Five tips for better sleep

A woman is sleeping

I’m often asked about hypnotherapy for sleep. When it comes to our health we often think about diet and exercise, but neglect to consider sleep. Sleep is crucial for our bodies and brains to function properly. It plays an important role in controlling your metabolism, keeping your immune system working, boosting your memory, repairing tissues and stimulating growth. We all need different amounts of sleep, but as we spend roughly a third of our lives in bed, it’s worth getting it right.

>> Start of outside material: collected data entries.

(* Let $\mathcal{S}$ be the set of real numbers $c$ for which there exists a hereditary property of ordered graphs $\mathcal{P}$ with $\lim_{n \to \infty} |\mathcal{P}_n|^{1/n} = c$. Then for every integer $n \geqslant 2$ we have $n \in A^{n-1}(\mathcal{S})$, i.e. $n$ is a degree $n-1$ accumulation point from below of $\mathcal{S}$.
   Context: A hereditary property of ordered graphs is a collection of ordered graphs (graphs on $[n]$ with the natural order) closed under order-preserving isomorphism and under taking induced ordered subgraphs; $\mathcal{P}_n$ denotes its members with vertex set $[n]$. For $S\subset\mathbb{R}$, a point $c\in\mathbb{R}$ is an accumulation point from below of $S$ if for every $\varepsilon>0$, $S\cap(c-\varepsilon,c)\neq\emptyset$. $A^1(S)$ denotes the set of accumulation points from below of $S$, and $A^{m+1}(S)=A^1(A^m(S))$ for $m\in\mathbb{N}$. *)

From HB Require Import structures.
From mathcomp Require Import all_boot all_order all_algebra.
From mathcomp Require Import all_classical all_reals all_analysis.
Set Implicit Arguments. Unset Strict Implicit. Unset Printing Implicit Defensive.
Import Order.TTheory GRing.Theory Num.Theory numFieldNormedType.Exports.
Local Open Scope classical_set_scope.
Local Open Scope ring_scope.

(* An ordered graph on [n] = {0,...,n-1} (natural order) is given by its
   adjacency indicator on pairs of vertices, required to be irreflexive and
   symmetric (a simple graph). *)
Definition adj (n : nat) := {ffun 'I_n * 'I_n -> bool}.

Definition is_ograph (n : nat) (G : adj n) : bool :=
  [forall i : 'I_n, ~~ G (i, i)] && [forall i : 'I_n, forall j : 'I_n, G (i, j) == G (j, i)].

(* The ordered graph induced by G on the image of a strictly increasing map
   f : [m] -> [n], relabelled order-preservingly by [m]. *)
Definition induced (m n : nat) (f : 'I_m -> 'I_n) (G : adj n) : adj m :=
  [ffun p : 'I_m * 'I_m => G (f p.1, f p.2)].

Here are some top tips for a better night’s sleep.

Write it down

Keep a notebook or journal by your bed and write down anything going around your mind before you go to bed. That way you can offload all the to do lists and things going on, clearing your mind of thoughts ready for a good night’s sleep. If you wake up worrying in the night, write that down too.

Switch it off

Try to keep the hour before bed a screen free time. The blue light emitted from phones, televisions and laptops can interfere with our sleep and throw your body clock out of sync. Use a traditional alarm clock and keep devices out of the bedroom.

Make it routine

Go to bed and wake up at the same time every day and try to keep the same sleep schedule on weeknights and weekends. Burning the candle at both ends in the week and then trying to catch up at the weekend isn’t great for getting into a regular and stable sleep routine.

Have a snack

We’re often told not to eat before bed, but actually having something small can really help. The tryptophan found foods such as oats, milk, bananas, chicken and wholemeal bread is brilliant for inducing sleep. Wash it down with camomile tea and you’ve got the perfect bed time snack.

Try meditation

Listening to a relaxing meditation or guided imagery can help you to nod off. I provide all my clients with a hypnotherapy recording for them to listen to as they fall asleep. It helps to relax them and embed ideas.